Modell 2 bildet eine EU-Armee samt Zugriffsmöglichkeit auf Atomwaffen. Nach dem EU-Austritt Großbritanniens würde Frankreich als Atommacht die erste Geige spielen. Eine EU-Atombombe ist immer wieder in Diskussion und auch Heinz-Christian Strache hat Ähnliches vorgeschlagen. Eine Untervariante des Modells blendet die Nuklearkiste mangels Einigkeit aus und pendelt zwischen US-Abhängigkeit und autonomer EU-Militärpolitik. Gelöst wird dadurch nichts, aber die Eintrittswahrscheinlichkeit ist hoch.

Wechsel der Logik

Das Modell 3 wechselt die Logik und verpasst dem Spiel ein neues Ziel, nämlich das Misstrauen abzubauen. Der Sicherheits- und Abschreckungslogik folgt eine Friedenslogik. Im Juli 2017 beschlossen 122 Staaten den Atomwaffenverbotsvertrag. Letzte Woche hat der Nationalrat in Wien diesen einstimmig ratifiziert. In der EU fährt Wien jedoch ein Minderheitenprogramm. Nur Österreich, Irland, Malta, Zypern, Schweden und Finnland waren nicht gegen den Verbotsvertrag. Obwohl das EU-Parlament eine konstruktive Beteiligung empfohlen hat, haben sich die 22 EU-und NATO-Staaten lieber an den USA orientiert.
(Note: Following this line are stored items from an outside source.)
Lemma sum_over_classes (G : {set Z} -> int) :
  \sum_(d in [set~ 0]) G (class d) = \sum_(X in classes) G X *+ #|X|.
Proof.
rewrite (partition_big_imset class); apply: eq_bigr => X /imsetP[d0 d0_neq0 ->].
rewrite -sumr_const; apply: eq_big => [d|d /andP[_ /eqP ->]] //.
rewrite in_setC1 in d0_neq0; apply/andP/idP => [[d_neq0 /eqP <-]|d_in].
  by apply: class_self; rewrite -in_setC1.
by have [d_neq0 ->] := class_mem d0_neq0 d_in; rewrite in_setC1.
Qed.

(* Double counting: every block through x contains two other points, and
   every point y != x lies in exactly one block with x. *)
Lemma sum_blocks_through x (phi : {set Z} -> int) :
  (\sum_(b in B | x \in b) phi b) *+ 2 = \sum_(y | y != x) phi (blk x y).
Proof.
transitivity (\sum_(y | y != x) \sum_(b | (b \in B) && ((x \in b) && (y \in b))) phi b);
  last first.
  apply: eq_bigr => y yx; symmetry.
  rewrite (eq_bigl (fun b => b \in [set blk x y])); first by rewrite big_set1.
  by move=> b; rewrite -blocks_through ?(eq_sym x) // inE.
rewrite (exchange_big_dep (fun b => (b \in B) && (x \in b))) /=; last first.
  by move=> y b _ /and3P[-> -> _].
rewrite -sumrMnl; apply: eq_bigr => b /andP[Bb b_x].
rewrite (eq_bigl (fun y => y \in b :\ x)); last by move=> y; rewrite !inE Bb b_x.
rewrite sumr_const; move: (cardsD1 x b); rewrite block_size // b_x add1n.
by move=> /eqP; rewrite eqSS => /eqP <-.
Qed.

Lemma point_sum x (G : {set Z} -> int) :
  (\sum_(b in B | x \in b) G (diffs b)) *+ 2 = \sum_(X in classes) G X *+ #|X|.
Proof.
rewrite sum_blocks_through -sum_over_classes.
rewrite (eq_bigr (fun y => G (class (y - x)))) => [|y yx]; last first.
  by rewrite diffs_blk // eq_sym.
rewrite (reindex_inj (addIr x)) /=.
by apply: eq_big => [d|d _]; rewrite ?addrK // in_setC1 -subr_eq0 addrK.
Qed.

(* Case v = 1 mod 6: all blocks are regular, so all classes have size 6
   and there are (N - 1) / 6 != 1 of them.  A zero-sum labelling F of the
   classes gives the flow b |-> F (diffs b). *)
Lemma flow_coprime3 : N != 7%N -> coprime N 3 -> exists f, zero_sum_flow B 3 f.
Proof.
move=> N_neq7 coN3.
have class_size X : X \in classes -> #|X| = 6%N.
  case/imsetP => d; rewrite in_setC1 eq_sym => d_neq0 ->.
  by have [Bb _ _] := blkP d_neq0; apply/card_diffs_regular/coprime3_regular.
have sum_sizes : \sum_(X in classes) (1 : int) *+ #|X| = (#|classes| * 6)%:R.
  rewrite (eq_bigr (fun=> 1 *+ 6)); last by move=> X /class_size ->.
  by rewrite sumr_const -mulrnA mulnC.
have classes_neq1 : #|classes| != 1%N.
  have := sum_over_classes (fun=> 1); rewrite sumr_const cardsC1 card_ord sum_sizes.
  by move/eqP; rewrite eqr_nat => /eqP; lia.
have [F [F_lab F_sum]] := zero_sum_labelling classes_neq1.
exists (fun b => F (diffs b)); split=> [b _|x]; first exact: F_lab.
have := point_sum x F.
rewrite [S in _ = S -> _](eq_bigr (fun X => F X *+ 6)); last first.
  by move=> X /class_size ->.
by rewrite sumrMnl F_sum mul0rn => /eqP; rewrite mulrn_eq0 => /eqP.
Qed.

Definition res (z : Z) := (val z %% 3)%N.

Lemma res_lt z : (res z < 3)%N.
Proof. exact: ltn_pmod. Qed.

Lemma resD : (3 %| N)%N -> forall x y, res (x + y) = ((res x + res y) %% 3)%N.
Proof. by move=> dvd3N x y; rewrite /res /= (modn_dvdm _ dvd3N) modnDm. Qed.

(* If 9 divides N, every element of order dividing 3 is a multiple of N/3,
   hence has residue 0. *)
Lemma res_order3 : (9 %| N)%N -> forall t, t *+ 3 = 0 -> res t = 0%N.
Proof.
move=> dvd9N t t3; have : (N %| val t * 3)%N.
  by rewrite /dvdn; have := congr1 val t3; rewrite Zp_mulrn /= => ->.
move/(dvdn_trans dvd9N); rewrite -[9%N]/(3 * 3)%N dvdn_pmul2r // => dvd3t.
exact/eqP.
Qed.

Lemma res_sub_inj : (3 %| N)%N -> forall x p q,
  res (x - p) = res (x - q) -> res p = res q.
Proof.
move=> dvd3N x p q same; have := res_lt p; have := res_lt q.
have := resD dvd3N (x - p) p; have := resD dvd3N (x - q) q.
by rewrite !subrK same; lia.
Qed.

Lemma card_res : (3 %| N)%N -> forall r, (r < 3)%N ->
  (\sum_(y : Z) (res y == r) = N %/ 3)%N.
Proof.
move=> dvd3N r r_lt3; rewrite /res -(big_mkord xpredT (fun i => ((i %% 3)%N == r : nat))).
by rewrite -{1}(divnK dvd3N) mulnC count_residue.
Qed.

Lemma sum_block_pairs (psi : Z -> Z -> nat) :
  (\sum_(b in B) \sum_(x in b) \sum_(y in b | y != x) psi x y =
   \sum_x \sum_(y | y != x) psi x y)%N.
Proof.
rewrite (exchange_big_dep xpredT) //=; apply: eq_bigr => x _.
rewrite (exchange_big_dep (fun y => y != x)) /=; last by move=> b y _ /andP[].
apply: eq_bigr => y yx.
transitivity (\sum_(b in [set b in B | (x \in b) && (y \in b)]) psi x y)%N.
  by apply: eq_bigl => b; rewrite !inE yx andbT andbA.
by rewrite sum_nat_const pair_unique ?mul1n // eq_sym.
Qed.

Definition rainbow b := [forall x in b, forall y in b, (x != y) ==> (res x != res y)].

Definition mixed_pairs b := (\sum_(x in b) \sum_(y in b) (res x != res y))%N.

(* A non-rainbow triple has 0 or 4 mixed pairs. *)
Lemma mixed_pairs_non_rainbow b : b \in B -> ~~ rainbow b -> (4 %| mixed_pairs b)%N.
Proof.
move=> Bb; have : (2 < #|b|)%N by rewrite block_size.
case/card_gt2P => [x [y [z [[b_x b_y b_z] [xy yz zx]]]]].
have b_eq : b = [set x; y; z].
  apply/eqP; rewrite eq_sym eqEcard block_size // card_set3 // 1?eq_sym // andbT.
  by apply/subsetP => u; rewrite !inE => /orP[/orP[]|] /eqP ->.
have x_yz : x \notin y |: [set z] by rewrite !inE negb_or xy eq_sym zx.
have y_z : y \notin [set z] by rewrite inE.
case/boolP: [&& res x != res y, res y != res z & res z != res x] => [dist|non_dist].
  case/negP; apply/forall_inP => u b_u; apply/forall_inP => w b_w; apply/implyP.
  move: b_u b_w dist; rewrite b_eq !inE.
  by do 2!case/orP=> [/orP[]|] /eqP ->; rewrite ?eqxx //;
    case/and3P=> *; rewrite // eq_sym.
rewrite /mixed_pairs b_eq -setUA.
do 3!rewrite ?(big_setU1 _ x_yz) ?(big_setU1 _ y_z) ?big_set1 /=.
move: non_dist; have := res_lt x; have := res_lt y; have := res_lt z.
move: (res x) (res y) (res z) => a c e.
by case: a => [|[|[|a]]] //; case: c => [|[|[|c]]] //; case: e => [|[|[|e]]].
Qed.

Lemma sum_mixed_pairs : (3 %| N)%N ->
  (\sum_(b in B) mixed_pairs b = N * (N - N %/ 3))%N.
Proof.
move=> dvd3N.
transitivity (\sum_(b in B) \sum_(x in b) \sum_(y in b | y != x) (res x != res y))%N.
  apply: eq_bigr => b _; apply: eq_bigr => x b_x.
  by rewrite (bigD1 x b_x) /= eqxx add0n.
rewrite sum_block_pairs; transitivity (\sum_(x : Z) (N - N %/ 3))%N; last first.
  by rewrite sum_nat_const card_ord.
apply: eq_bigr => x _.
have split_x : (\sum_y (res x != res y) + \sum_y (res y == res x) = N)%N.
  rewrite -big_split /= (eq_bigr (fun=> 1%N)) => [|y _]; last by rewrite eq_sym; case: eqP.
  by rewrite sum1_card card_ord.
rewrite card_res ?res_lt // (bigD1 x) //= eqxx add0n in split_x.
by move: split_x; move: (\sum_(y | y != x) _)%N => S; lia.
Qed.

(* For N = 9 mod 18 the total number of mixed pairs, 6 (N/3)^2, is not a
   multiple of 4, since N/3 is odd. *)
Lemma mixed_total_not4 M : (M %% 18 = 9)%N -> ~~ (4 %| M * (M - M %/ 3))%N.
Proof.
move=> M9; have M_eq : M = (3 * (M %/ 3))%N by rewrite mulnC divnK // /dvdn; apply/eqP; lia.
set k := (M %/ 3)%N in M_eq *.
have k_odd : odd k by move: (modn2 k); case: (odd k) => //= ?; lia.
have -> : (M * (M - k) = 6 * (k * k))%N.
  by rewrite M_eq (_ : 3 * k - k = 2 * k)%N; [ring | lia].
have : ((k * k) %% 2 = 1)%N by rewrite modn2 oddM k_odd.
by move: (k * k)%N => kk kk_odd; apply/negP; lia.
Qed.

Lemma exists_rainbow : (N %% 18 = 9)%N -> exists2 b, b \in B & rainbow b.
Proof.
move=> N9; have dvd3N : (3 %| N)%N by rewrite /dvdn; apply/eqP; lia.
have [/exists_inP[b Bb rb]|none] := boolP [exists b in B, rainbow b]; first by exists b.
have : (4 %| \sum_(b in B) mixed_pairs b)%N.
  apply: dvdn_sum => b Bb; apply: mixed_pairs_non_rainbow => //.
  by apply: contra none => rb; apply/exists_inP; exists b.
by rewrite sum_mixed_pairs // (negbTE (mixed_total_not4 N9)).
Qed.

Lemma rainbow_res b u w : rainbow b -> u \in b -> w \in b -> u != w -> res u != res w.
Proof.
move=> /forall_inP/(_ u) rb b_u b_w; have /forall_inP/(_ w b_w)/implyP := rb b_u.
exact.
Qed.

(* For 9 | N a rainbow block is regular: a translation fixing it has
   order 3, hence residue 0, and would map a point to a distinct point of
   the same residue. *)
Lemma rainbow_regular b : (9 %| N)%N -> b \in B -> rainbow b -> regular b.
Proof.
move=> dvd9N Bb rb t fix_t; case: (eqVneq t 0) => // t_neq0.
have dvd3N : (3 %| N)%N by apply: dvdn_trans dvd9N.
have res_t := res_order3 dvd9N (stabilizer_order3 Bb fix_t t_neq0).
have [p b_p] : exists p, p \in b by apply/card_gt0P; rewrite block_size.
have b_pt : p + t \in b by rewrite -fix_t mem_shift addrK.
have p_pt : p != p + t by rewrite -{1}[p]addr0 (inj_eq (addrI p)) eq_sym.
have := rainbow_res rb b_p b_pt p_pt.
by rewrite resD // res_t addn0 modn_small ?res_lt ?eqxx.
Qed.

(* For every point x, the shifts x - e (e in a rainbow block) meet each
   residue class exactly once. *)
Lemma rainbow_residue_sum b (u : nat -> int) x : (3 %| N)%N -> b \in B -> rainbow b ->
  \sum_(e in b) u (res (x - e)) = u 0%N + u 1%N + u 2%N.
Proof.
move=> dvd3N Bb rb; have : (2 < #|b|)%N by rewrite block_size.
case/card_gt2P => [p [q [r [[b_p b_q b_r] [pq qr rp]]]]].
have pr : p != r by rewrite eq_sym.
have b_eq : b = [set p; q; r].
  apply/eqP; rewrite eq_sym eqEcard block_size // card_set3 // andbT.
  by apply/subsetP => z; rewrite !inE => /orP[/orP[]|] /eqP ->.
have distinct y z : y \in b -> z \in b -> y != z -> res (x - y) != res (x - z).
  by move=> b_y b_z yz; apply: contra_neq (rainbow_res rb b_y b_z yz); exact: res_sub_inj.
have p_qr : p \notin q |: [set r] by rewrite !inE negb_or pq pr.
have q_r : q \notin [set r] by rewrite inE.
rewrite b_eq -setUA (big_setU1 _ p_qr) (big_setU1 _ q_r) big_set1 /=.
by apply: sum_perm3; rewrite ?res_lt ?distinct.
Qed.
Modell 3 rückt diesen völkerrechtlich bindenden Vertrag ins Zentrum der Überlegung. Die nukleare Teilhabe -US-Atomwaffen in der EU -wäre damit Geschichte und ein Wendepunkt markiert. Die in der EU stationierten US-Nuklearwaffen werden unter Trump und Bolton ein noch größerer Klotz am Bein und vergiften das Verhältnis zu Moskau und Peking. Die eigentlich dicken Bretter sind parallel zu bohren: vertrauensbildende Maßnahmen, das gemeinsame Denken von Frieden und Sicherheit ohne Massenvernichtungswaffen oder die Stärkung des UNO-Gewaltverbots. Und der Atomwaffenverbotsvertrag hat John Bolton eine Frage bereits beantwortet: die UNO funktioniert.